I have tried a couple things
# First try a simple count to verify access
logger.info("\nAttempting count query")
try:
count_df = spark_session.sql(f"""
SELECT *
FROM {catalog_name}.{db_name}.{table_name}
""")
count_df.show()
except Exception as e:
logger.error(f"Count query failed: {str(e)}")
# Try reading with minimal options
logger.info("\nAttempting main query")
try:
df = (
spark_session.read.format("iceberg")
.option("lakeformation-enabled", "true")
.option("read-identity-based-auth", "true")
.table(f"{db_name}.{table_name}")
.select("id", "identifier")
)
logger.info("Successfully created DataFrame")
df.printSchema()
return df
except Exception as e:
logger.error(f"Main query failed: {str(e)}")
# One final attempt with SQL
logger.info("\nTrying final SQL approach")

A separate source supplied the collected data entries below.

Lemma smooth_mult F G : smooth n U F -> smooth n U G -> smooth n U (fun q => F q * G q)%C.
Proof. intros; apply smooth_poly_of_smooth, poly_of_mult; apply poly_of_base; auto. Qed.

Section Schwarz.
Variable pi : C -> R.
Hypothesis pi_pd : forall G d q, pi (pd d G q) = Derive (fun t => pi (G (move d t q))) 0.
Hypothesis pi_ex_derive : forall G d q, C1 G -> relevant n d -> U q ->
  ex_derive (fun t => pi (G (move d t q))) 0.
Hypothesis pi_minus : forall a b, pi (a - b)%C = pi a - pi b.
Hypothesis pi_le_Cmod : forall a, Rabs (pi a) <= Cmod a.

Lemma Derive_pi_move G d q s :
  Derive (fun t => pi (G (move d t q))) s = pi (pd d G (move d s q)).
Proof. rewrite Derive_shift, pi_pd. apply Derive_ext. intro t. now rewrite move_add. Qed.

Lemma ex_derive_pi_move G d q s : C1 G -> relevant n d -> U (move d s q) ->
  ex_derive (fun t => pi (G (move d t q))) s.
Proof.
  intros HG Hd Hq. apply ex_derive_shift.
  eapply ex_derive_ext; [|apply (pi_ex_derive G d (move d s q)); auto].
  intro t; simpl. now rewrite move_add.
Qed.

Lemma continuity_2d_pi_move G d1 d2 p : C1 G -> relevant n d1 -> relevant n d2 -> U p ->
  continuity_2d_pt (fun u v => pi (G (move d1 u (move d2 v p)))) 0 0.
Proof.
  intros [Hc _] H1 H2 Hp eps.
  destruct (Hc p Hp eps (cond_pos eps)) as [rc [Hrc Kc]].
  destruct (hU p Hp) as [rU [HrU KU]].
  assert (Hr : 0 < Rmin rU rc / 2) by (apply Rdiv_lt_0_compat; [apply Rmin_pos|]; lra).
  exists (mkposreal _ Hr). intros u v Hu Hv; simpl in Hu, Hv. rewrite Rminus_0_r in Hu, Hv.
  rewrite !move_0, <- pi_minus. eapply Rle_lt_trans; [apply pi_le_Cmod|].
  assert (Hnear : near_pt n (Rmin rU rc) p (move d1 u (move d2 v p)))
    by (apply near_pt_move2; auto; apply Rmin_pos; auto).
  apply Kc; [apply KU|]; eapply near_pt_le; eauto; [apply Rmin_l | apply Rmin_r].
Qed.

Lemma schwarz_pi F d1 d2 p : smooth n U F -> relevant n d1 -> relevant n d2 -> U p ->
  pi (pd d1 (pd d2 F) p) = pi (pd d2 (pd d1 F) p).
Proof.
  intros HF H1 H2 Hp.
  set (h u v := pi (F (move d1 u (move d2 v p)))).
  assert (Dv : forall u v, Derive (fun t => h u t) v = pi (pd d2 F (move d1 u (move d2 v p)))).
  { intros u v. rewrite move_comm, <- Derive_pi_move. apply Derive_ext. intro t. now rewrite <- move_comm. }
  assert (Du : forall u v, Derive (fun t => h t v) u = pi (pd d1 F (move d1 u (move d2 v p))))
    by (intros u v; apply Derive_pi_move).
  assert (Dvu : forall u v, Derive (fun z => Derive (fun t => h z t) v) u
                            = pi (pd d1 (pd d2 F) (move d1 u (move d2 v p)))).
  { intros u v. rewrite <- Derive_pi_move. apply Derive_ext. intro z. apply Dv. }
  assert (Duv : forall u v, Derive (fun z => Derive (fun t => h t z) u) v
                            = pi (pd d2 (pd d1 F) (move d1 u (move d2 v p)))).
  { intros u v. rewrite move_comm, <- Derive_pi_move.
    apply Derive_ext. intro z. now rewrite Du, move_comm. }
  pose proof (Dvu 0 0) as E1. pose proof (Duv 0 0) as E2. rewrite !move_0 in E1, E2.
  rewrite <- E1, <- E2. apply Schwarz.
  - destruct (hU p Hp) as [rU [HrU KU]]. assert (HrU2 : 0 < rU / 2) by lra.
    exists (mkposreal _ HrU2). intros u v Hu Hv. simpl in Hu, Hv. rewrite Rminus_0_r in Hu, Hv.
    assert (HUX : U (move d1 u (move d2 v p))) by (apply KU, near_pt_move2; auto).
    assert (HUX' : U (move d2 v (move d1 u p))) by now rewrite <- move_comm.
    repeat split.
    + apply ex_derive_pi_move; auto using smooth_C1.
    + eapply ex_derive_ext; [|apply (ex_derive_pi_move F d2 (move d1 u p) v); auto using smooth_C1].
      intro t; simpl. unfold h. now rewrite move_comm.
    + eapply ex_derive_ext; [|apply (ex_derive_pi_move (pd d2 F) d1 (move d2 v p) u); auto].
      * intro z; simpl. now rewrite Dv.
      * apply smooth_C1, smooth_pd; auto.
    + eapply ex_derive_ext; [|apply (ex_derive_pi_move (pd d1 F) d2 (move d1 u p) v); auto].
      * intro z; simpl. now rewrite Du, move_comm.
      * apply smooth_C1, smooth_pd; auto.
  - eapply continuity_2d_pt_ext; [intros u v; symmetry; apply Dvu|].
    apply continuity_2d_pi_move; auto. apply smooth_C1, smooth_pd, smooth_pd; auto.
  - eapply continuity_2d_pt_ext; [intros u v; symmetry; apply Duv|].
    apply continuity_2d_pi_move; auto. apply smooth_C1, smooth_pd, smooth_pd; auto.
Qed.
End Schwarz.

df = spark_session.sql(f"""
SELECT t.*
FROM {catalog_name}.{db_name}.{table_name} t
""")
return df
But it is always the same error.
Failed to query data: An error occurred while calling o149.sql. : software.amazon.awssdk.services.s3.model.S3Exception: Access Denied (Service: S3, Status Code: 403, Request ID: FRKVTCMCWA771WS7, Extended Request ID: rH0oJbyJm6IBsmZCMDlOZzbjh5hxBE5oU31zXxnxolomK4a+c4txq7iTV4I7WDsgC32qXMnEAUw=) at software.amazon.awssdk.core.internal.http.CombinedResponseHandler.handleErrorResponse(CombinedResponseHandler.java:125) at software.amazon.awssdk.core.internal.http.CombinedResponseHandler.handleResponse(CombinedResponseHandler.java:82) at software.amazon.awssdk.core.internal.http.CombinedResponseHandler.handle(CombinedResponseHandler.java:60) at software.amazon.awssdk.core.internal.http.CombinedResponseHandler.handle(CombinedResponseHandler.java:41) at software.amazon.awssdk.core.internal.http.pipeline.stages.HandleResponseStage.execute(HandleResponseStage.java:50) at software.amazon.awssdk.core.internal.http.pipeline.stages.HandleResponseStage.execute(HandleResponseStage.java:38) at
Upvotes: 0
Views: 60
Reputation: 1
check if both the EMR Service Role and the EC2 Instance Profile Role have permissions to access the S3 bucket storing the data. This might help.
Upvotes: 0